Abstract
Purpose:
Family history assigns equivalent risk to all relatives based upon the degree of relationship. Recent genetic studies have identified single nucleotide polymorphisms (SNPs) that can be used to calculate a genetic risk score (GRS) to determine prostate cancer (PCa) risk. We sought to determine whether GRS can stratify PCa risk among individuals in families considered to be at higher risk due their family history of PCa.
Materials and Methods:
Family members with hereditary PCa were recruited and genotyped for 17 SNPs associated with PCa. A GRS was calculated for all subjects. Analyses compared the distribution of GRS values among affected and unaffected family members of varying relationship degrees.
Results:
Data was available for 789 family members of probands including 552 affected and 237 unaffected relatives. Median GRSs were higher among first-degree relatives compared to second- and third-degree relatives. In addition, GRS values among affected first- and second-degree relatives were significantly higher than unaffected relatives (P = 0.042 and P = 0.016, respectively). Multivariate analysis including GRS and degree of relationship demonstrated that GRS was a significant and independent predictor of PCa (OR 1.52, 95%CI 1.15–2.01).
Conclusion:
GRS is an easy-to-interpret, objective measure that can be used to assess differences in PCa risk among family members of affected men. GRS allows for further differentiation among family members, providing better risk assessment. While prospective validation studies are required, this information can help guide relatives in regards to the time of initiation and frequency of PCa screening.
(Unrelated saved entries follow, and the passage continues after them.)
Lemma derivable_pt_lim_inv_pow4 W W' x : derivable_pt_lim W x (W' x) -> W x <> 0 ->
  derivable_pt_lim (fun s => / W s ^ 4) x (-4 * W' x / W x ^ 5).
Proof.
  intros HW Hnz. eapply derivable_pt_lim_eq.
  - apply (derivable_pt_lim_fun_inv (fun s => W s ^ 4));
      [apply derivable_pt_lim_fun_pow, HW | now apply pow_nonzero].
  - simpl. field. exact Hnz.
Qed.

Lemma derivable_pt_lim_inv_pow4_derivative W W' W'' x :
  derivable_pt_lim W x (W' x) -> derivable_pt_lim W' x (W'' x) -> W x <> 0 ->
  derivable_pt_lim (fun s => -4 * W' s / W s ^ 5) x
    (20 * W' x ^ 2 / W x ^ 6 - 4 * W'' x / W x ^ 5).
Proof.
  intros HW HW' Hnz. eapply derivable_pt_lim_eq.
  - apply derivable_pt_lim_fun_mult;
      [apply derivable_pt_lim_fun_mult; [apply derivable_pt_lim_const | exact HW'] |].
    apply (derivable_pt_lim_fun_inv (fun s => W s ^ 5));
      [apply derivable_pt_lim_fun_pow, HW | now apply pow_nonzero].
  - simpl. field. exact Hnz.
Qed.

Section CubicODE.

Variables pb W W' W'' : R -> R.

Hypothesis pb_smooth : smooth_on 0 1 pb.
Hypothesis W_derivative : forall t, 0 <= t <= 1 -> derivable_pt_lim W t (W' t).
Hypothesis W'_derivative : forall t, 0 <= t <= 1 -> derivable_pt_lim W' t (W'' t).
Hypothesis W_nonzero : forall t, 0 <= t <= 1 -> W t <> 0.
Hypothesis W_ode : forall t, 0 <= t <= 1 -> 4 * W t ^ 3 * W'' t = pb t.

Lemma cubic_ode_derivable_n n : derivable_n_on 0 1 n W.
Proof.
  destruct pb_smooth as [D [HD0 HD]].
  assert (Hpb : forall n, derivable_n_on 0 1 n pb).
  { intros k. apply derivable_n_on_ext with (D 0%nat); [exact HD0|].
    now apply derivable_n_on_deriv_seq_on. }
  assert (HW'' : forall n, derivable_n_on 0 1 n W -> derivable_n_on 0 1 n W'').
  { intros k Hk. apply derivable_n_on_ext with (fun t => pb t * / (4 * W t ^ 3)).
    - intros t Ht. rewrite <- (W_ode t Ht). field. now apply W_nonzero.
    - apply derivable_n_on_mult, derivable_n_on_inv; [apply Hpb | |].
      + intros t Ht. apply Rmult_integral_contrapositive_currified; [lra|].
        now apply pow_nonzero, W_nonzero.
      + apply derivable_n_on_mult; [apply derivable_n_on_const | now apply derivable_n_on_pow]. }
  enough (H : derivable_n_on 0 1 n W /\ derivable_n_on 0 1 (S n) W) by apply H.
  induction n as [|n [IHn IHSn]].
  - split; [exact I|]. exists W'. split; [now apply deriv_on_derivable_pt_lim | exact I].
  - split; [exact IHSn|]. exists W'. split; [now apply deriv_on_derivable_pt_lim|].
    exists W''. split; [now apply deriv_on_derivable_pt_lim | now apply HW''].
Qed.

Theorem cubic_ode_inv_pow4_smooth : exists D : nat -> R -> R,
  (forall t, 0 <= t <= 1 -> D 0%nat t = / W t ^ 4) /\ deriv_seq_on 0 1 D /\
  (forall t, 0 <= t <= 1 -> pfun (fun s => / W s ^ 4) (D 1%nat) (D 2%nat) t = pb t).
Proof.
  destruct (smooth_on_derivable_n 0 1 ltac:(lra) (fun s => / W s ^ 4)) as [D [HD0 HD]].
  { intros n. apply derivable_n_on_inv; [|now apply derivable_n_on_pow, cubic_ode_derivable_n].
    intros t Ht. now apply pow_nonzero, W_nonzero. }
  set (Q1 := fun s => -4 * W' s / W s ^ 5).
  set (Q2 := fun s => 20 * W' s ^ 2 / W s ^ 6 - 4 * W'' s / W s ^ 5).
  assert (HD1 : forall t, 0 <= t <= 1 -> D 1%nat t = Q1 t).
  { apply (deriv_on_unique 0 1 ltac:(lra) (D 0%nat)); [apply HD|].
    apply deriv_on_ext with (fun s => / W s ^ 4) Q1; [intros; symmetry; auto | easy |].
    apply deriv_on_derivable_pt_lim. intros t Ht.
    apply derivable_pt_lim_inv_pow4; auto. }
  assert (HD2 : forall t, 0 <= t <= 1 -> D 2%nat t = Q2 t).
  { apply (deriv_on_unique 0 1 ltac:(lra) (D 1%nat)); [apply HD|].
    apply deriv_on_ext with Q1 Q2; [intros; symmetry; auto | easy |].
    apply deriv_on_derivable_pt_lim. intros t Ht.
    apply derivable_pt_lim_inv_pow4_derivative; auto. }
  exists D. split; [exact HD0|]. split; [exact HD|]. intros t Ht.
  rewrite <- (W_ode t Ht), <- (pfun_inv_pow4 W W' W'' t (W_nonzero t Ht)).
  unfold pfun. now rewrite HD1, HD2.
Qed.

End CubicODE.

(** * Stability of [w'' = p / (4 w^3)] *)

Lemma pow_sub_abs_le a b c n : Rabs a <= c -> Rabs b <= c ->
  Rabs (a ^ S n - b ^ S n) <= INR (S n) * c ^ n * Rabs (a - b).
Proof.
  intros Ha Hb. assert (Hc : 0 <= c) by (eapply Rle_trans; [apply Rabs_pos | exact Ha]).
  induction n as [|n IH].
  - simpl. rewrite !Rmult_1_r. lra.
  - replace (a ^ S (S n) - b ^ S (S n)) with (a * (a ^ S n - b ^ S n) + b ^ S n * (a - b))
      by (simpl; ring).
    assert (Hbn : Rabs (b ^ S n) <= c ^ S n)
      by (rewrite <- RPow_abs; apply pow_incr; split; [apply Rabs_pos | exact Hb]).
    eapply Rle_trans; [apply Rabs_triang|]. rewrite !Rabs_mult.
    assert (0 <= Rabs (a - b)) by apply Rabs_pos.
    assert (0 <= Rabs (a ^ S n - b ^ S n)) by apply Rabs_pos.
    assert (Rabs a * Rabs (a ^ S n - b ^ S n) <= c * (INR (S n) * c ^ n * Rabs (a - b)))
      by (apply Rmult_le_compat; auto using Rabs_pos).
    assert (Rabs (b ^ S n) * Rabs (a - b) <= c ^ S n * Rabs (a - b))
      by (apply Rmult_le_compat_r; auto).
    rewrite S_INR. simpl in *. nra.
Qed.

Lemma Rinv_pow_lipschitz m n x y : 0 < m -> m <= x -> m <= y ->
  Rabs (/ x ^ S n - / y ^ S n) <= INR (S n) / m ^ S (S n) * Rabs (x - y).
Proof.
  intros Hm Hx Hy.
  assert (Hinv : forall z, m <= z -> Rabs (/ z) <= / m).
  { intros z Hz. rewrite Rabs_pos_eq by (left; apply Rinv_0_lt_compat; lra).
    apply Rinv_le_contravar; lra. }
  rewrite <- !pow_inv. eapply Rle_trans; [apply (pow_sub_abs_le _ _ (/ m)); auto|].
  replace (/ x - / y) with ((y - x) * / (x * y)) by (field; lra).
  rewrite Rabs_mult, Rabs_minus_sym, (Rabs_pos_eq (/ (x * y)))
    by (left; apply Rinv_0_lt_compat; nra).
  assert (Hxy : / (x * y) <= / m ^ 2) by (apply Rinv_le_contravar; simpl; nra).
  replace (INR (S n) / m ^ S (S n) * Rabs (x - y))
    with (INR (S n) * (/ m) ^ n * (Rabs (x - y) * / m ^ 2))
    by (rewrite pow_inv; simpl; field; split; [apply pow_nonzero|]; lra).
  apply Rmult_le_compat_l.
  { apply Rmult_le_pos; [apply pos_INR | apply pow_le; left; apply Rinv_0_lt_compat; lra]. }
  apply Rmult_le_compat_l; [apply Rabs_pos | exact Hxy].
Qed.

Definition cubic_ode_error_bound (m P delta : R) : R :=
  delta / (4 * m ^ 3) * exp (3 * P / (4 * m ^ 4)).

Section CubicODEPerturbation.

Variables (p pb w0 w0' w0'' : R -> R) (m P delta : R).

Hypothesis m_pos : 0 < m.
Hypothesis pb_continuous : forall x, continuity_pt (fun t => pb (clamp01 t)) x.
Hypothesis p_bound : forall t, 0 <= t <= 1 -> Rabs (p t) <= P.
Hypothesis pb_close : forall t, 0 <= t <= 1 -> Rabs (p t - pb t) <= delta.
Hypothesis w0_derivative : forall t, derivable_pt_lim w0 t (w0' t).
Hypothesis w0'_derivative : forall t, derivable_pt_lim w0' t (w0'' t).
Hypothesis w0_ode : forall t, 0 <= t <= 1 -> 4 * w0 t ^ 3 * w0'' t = p t.
Hypothesis w0_margin : forall t, 0 <= t <= 1 -> 11 / 10 * m <= w0 t.
Hypothesis error_small : cubic_ode_error_bound m (P + delta) delta <= m / 10.

(* Below [m] the nonlinearity is frozen, which makes it globally Lipschitz; the solution
   never reaches that region. *)
Definition cubic_nonlinearity (t y : R) : R := pb (clamp01 t) / (4 * Rmax y m ^ 3).

Lemma cubic_nonlinearity_continuous u : (forall x, continuity_pt u x) ->
  forall x, continuity_pt (fun t => cubic_nonlinearity t (u t)) x.
Proof.
  intros Hu x. unfold cubic_nonlinearity.
  assert (Hmax : continuity_pt (fun t => Rmax (u t) m) x).
  { apply continuity_pt_lipschitz_dominated with u; [intros; apply Rmax_l_lipschitz | apply Hu]. }
  apply (continuity_pt_div (fun t => pb (clamp01 t))); [apply pb_continuous | |].
  - apply (continuity_pt_mult (fun _ => 4)); [apply continuity_pt_const; intros ? ?; reflexivity|].
    now apply continuity_pt_fun_pow.
  - assert (0 < Rmax (u x) m) by (eapply Rlt_le_trans; [exact m_pos | apply Rmax_r]).
    apply Rgt_not_eq, Rmult_lt_0_compat; [lra | now apply pow_lt].
Qed.

Lemma cubic_nonlinearity_lipschitz t y z : 0 <= t <= 1 ->
  Rabs (cubic_nonlinearity t y - cubic_nonlinearity t z)
    <= 3 * (P + delta) / (4 * m ^ 4) * Rabs (y - z).
Proof.
  intros Ht. unfold cubic_nonlinearity. rewrite clamp01_id by exact Ht.
  assert (Hy : m <= Rmax y m) by apply Rmax_r. assert (Hz : m <= Rmax z m) by apply Rmax_r.
  replace (pb t / (4 * Rmax y m ^ 3) - pb t / (4 * Rmax z m ^ 3))
    with (pb t / 4 * (/ Rmax y m ^ 3 - / Rmax z m ^ 3))
    by (field; lra).
  replace (3 * (P + delta) / (4 * m ^ 4)) with ((P + delta) / 4 * (INR 3 / m ^ 4))
    by (simpl; field; lra).
  rewrite Rabs_mult, Rmult_assoc. unfold Rdiv at 1. rewrite Rabs_mult, (Rabs_pos_eq (/ 4)) by lra.
  apply Rmult_le_compat; [apply Rmult_le_pos; [apply Rabs_pos | lra] | apply Rabs_pos | |].
  - apply Rmult_le_compat_r; [lra|].
    pose proof (proj1 (Rabs_le_between _ _) (p_bound t Ht)).
    pose proof (proj1 (Rabs_le_between _ _) (pb_close t Ht)). apply Rabs_le. lra.
  - eapply Rle_trans; [apply (Rinv_pow_lipschitz m 2); assumption|].
    apply Rmult_le_compat_l; [|apply Rmax_l_lipschitz].
    apply Rdiv_le_0_compat; [apply pos_INR | now apply pow_lt].
Qed.

Theorem cubic_ode_perturbation : exists W W' W'' : R -> R,
  (forall t, derivable_pt_lim W t (W' t)) /\ (forall t, derivable_pt_lim W' t (W'' t)) /\
  (forall t, 0 <= t <= 1 -> 4 * W t ^ 3 * W'' t = pb t) /\
  (forall t, 0 <= t <= 1 -> m <= W t) /\
  (forall t, 0 <= t <= 1 -> Rabs (W t - w0 t) <= cubic_ode_error_bound m (P + delta) delta).
Proof.
  assert (HP : 0 <= P) by (eapply Rle_trans; [apply Rabs_pos | apply (p_bound 0); lra]).
  assert (Hdelta : 0 <= delta) by (eapply Rle_trans; [apply Rabs_pos | apply (pb_close 0); lra]).
  assert (Hm3 : 0 < m ^ 3) by now apply pow_lt.
  assert (Hm4 : 0 < m ^ 4) by now apply pow_lt.
  destruct (picard_solution cubic_nonlinearity (3 * (P + delta) / (4 * m ^ 4))
              (delta / (4 * m ^ 3)) w0 w0' w0'') as [W [W' [W'' [HW [HW' [HW'' Hclose]]]]]].
  - apply cubic_nonlinearity_continuous.
  - apply cubic_nonlinearity_lipschitz.
  - apply Rdiv_le_0_compat; lra.
  - apply Rdiv_le_0_compat; lra.
  - exact w0_derivative.
  - exact w0'_derivative.
  - intros t Ht. pose proof (w0_margin t Ht) as Hw0.
    assert (Hw03 : m ^ 3 <= w0 t ^ 3) by (apply pow_incr; lra).
    unfold cubic_nonlinearity. rewrite clamp01_id, Rmax_left by lra.
    replace (pb t / (4 * w0 t ^ 3) - w0'' t) with (- (p t - pb t) / (4 * w0 t ^ 3))
      by (rewrite <- (w0_ode t Ht); field; lra).
    unfold Rdiv. rewrite Rabs_mult, Rabs_Ropp, (Rabs_pos_eq (/ _))
      by (left; apply Rinv_0_lt_compat; lra).
    apply Rmult_le_compat; [apply Rabs_pos | left; apply Rinv_0_lt_compat; lra | auto |].
    apply Rinv_le_contravar; lra.
  - assert (HWm : forall t, 0 <= t <= 1 -> m <= W t).
    { intros t Ht. pose proof (proj1 (Rabs_le_between _ _) (Hclose t Ht)).
      pose proof (w0_margin t Ht). unfold cubic_ode_error_bound in error_small. lra. }
    exists W, W', W''. repeat split; [exact HW | exact HW' | | exact HWm | exact Hclose].
    intros t Ht. pose proof (HWm t Ht). rewrite HW'' by exact Ht.
    unfold cubic_nonlinearity. rewrite clamp01_id, Rmax_left by lra.
    field. lra.
Qed.

End CubicODEPerturbation.

Lemma exp_ge_1_plus y : 1 + y <= exp y.
Proof.
  destruct (Req_dec y 0) as [->|Hy]; [rewrite exp_0; lra | left; now apply exp_ineq1].
Qed.

Lemma exp_4_ge_16 : 16 <= exp 4.
Proof.
  pose proof (exp_ge_1_plus 1). replace 4 with (1 + 1 + 1 + 1) by ring. rewrite !exp_plus.
  assert (4 <= exp 1 * exp 1) by nra. nra.
Qed.

Lemma mult_exp_le_1 y z : 0 <= y -> z <= - y - 4 -> 10 * y * exp z <= 1.
Proof.
  intros Hy Hz.
  assert (Hmono : exp z <= exp (- y - 4)).
  { destruct (Req_dec z (- y - 4)) as [->|Hne]; [lra | left; apply exp_increasing; lra]. }
  assert (Hinv : exp (- y - 4) * (exp y * exp 4) = 1).
  { rewrite <- !exp_plus. replace (- y - 4 + (y + 4)) with 0 by ring. apply exp_0. }
  pose proof (exp_ge_1_plus y). pose proof exp_4_ge_16. pose proof (exp_pos (- y - 4)).
  assert (10 * y <= exp y * exp 4) by nra.
  assert (10 * y * exp z <= 10 * y * exp (- y - 4)) by (apply Rmult_le_compat_l; lra).
  nra.
Qed.

Definition stability_exponent (eta1 eta2 : R) : R :=
  20 * (eta2 / eta1) ^ 2 + 8 * eta2 ^ 2 + 10 * (eta2 / eta1) + 1.

Lemma stability_exponent_dominates eta1 eta2 delta :
  0 < eta1 <= eta2 -> 0 <= delta <= eta2 / 2 ->
  10 * eta2 ^ 2 * exp (3 / 2 * (eta2 + delta) * eta2 - stability_exponent eta1 eta2) <= 1.
Proof.
  intros Heta Hdelta. apply mult_exp_le_1; [simpl; nra|].
  assert (Hratio : 1 <= eta2 / eta1) by (apply Rle_div_r; lra).
  unfold stability_exponent. simpl. nra.
Qed.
Keywords: cancer screening, family history, genetic risk score, prostate cancer
1 |. INTRODUCTION
There is an ongoing debate regarding the benefits of prostate specific antigen (PSA) screening for prostate cancer (PCa). As such, current recommendations for screening men for PCa vary among authoritative groups. One approach has been to offer screening to relatively young men deemed to be at high risk of being diagnosed with the disease, primarily based on family history. For instance, the American Urologic Association (AUA) states that “high risk” should include a positive family history and/or African American race.1 Similarly, the American Cancer Society (ACS) and the National Comprehensive Cancer Network (NCCN) also recommend discussing earlier screening in men with a first-degree relative diagnosed with PCa.2–4 Similar recommendations have recently been made by institutions outside the United States, including those in Australia4 and the United Kingdom.5,6
A genetic susceptibility to PCa has been well documented. Studies of over 44 000 twin pairs have shown concordance rates of PCa of 21% and 6% in monozygotic and dizygotic twins, respectively. Based on this evidence, it has been estimated that up to 57% of PCa risk be explained by genetic factors.7 A positive family history of the disease is considered to be one of the strongest risk factors for developing PCa.8,9 Specifically, it has been demonstrated that a family history of PCa increases the risk by ~2.5-fold.10,11
It should be noted that current disease risk estimates typically use only first-degree relatives or a less specific definition that includes close relatives.12,13 Some studies have presented familial risks based on PCa in extended families, including a familial risk assessment model.14,15 Studies that incorporate a more complete PCa family history using close and distant relatives provide potential for more accurate risk estimates. However, detailed family histories are often difficult to obtain due to of age, survival status of male relatives, recall ability, and family communication.16 In addition, families with few male members are less informative. Finally, family history is subject to change as men may be re-categorized from negative to positive depending on when relatives are diagnosed. Therefore, other risk assessment methods are needed that can more reliably assess inherited susceptibility for PCa by augmenting family history.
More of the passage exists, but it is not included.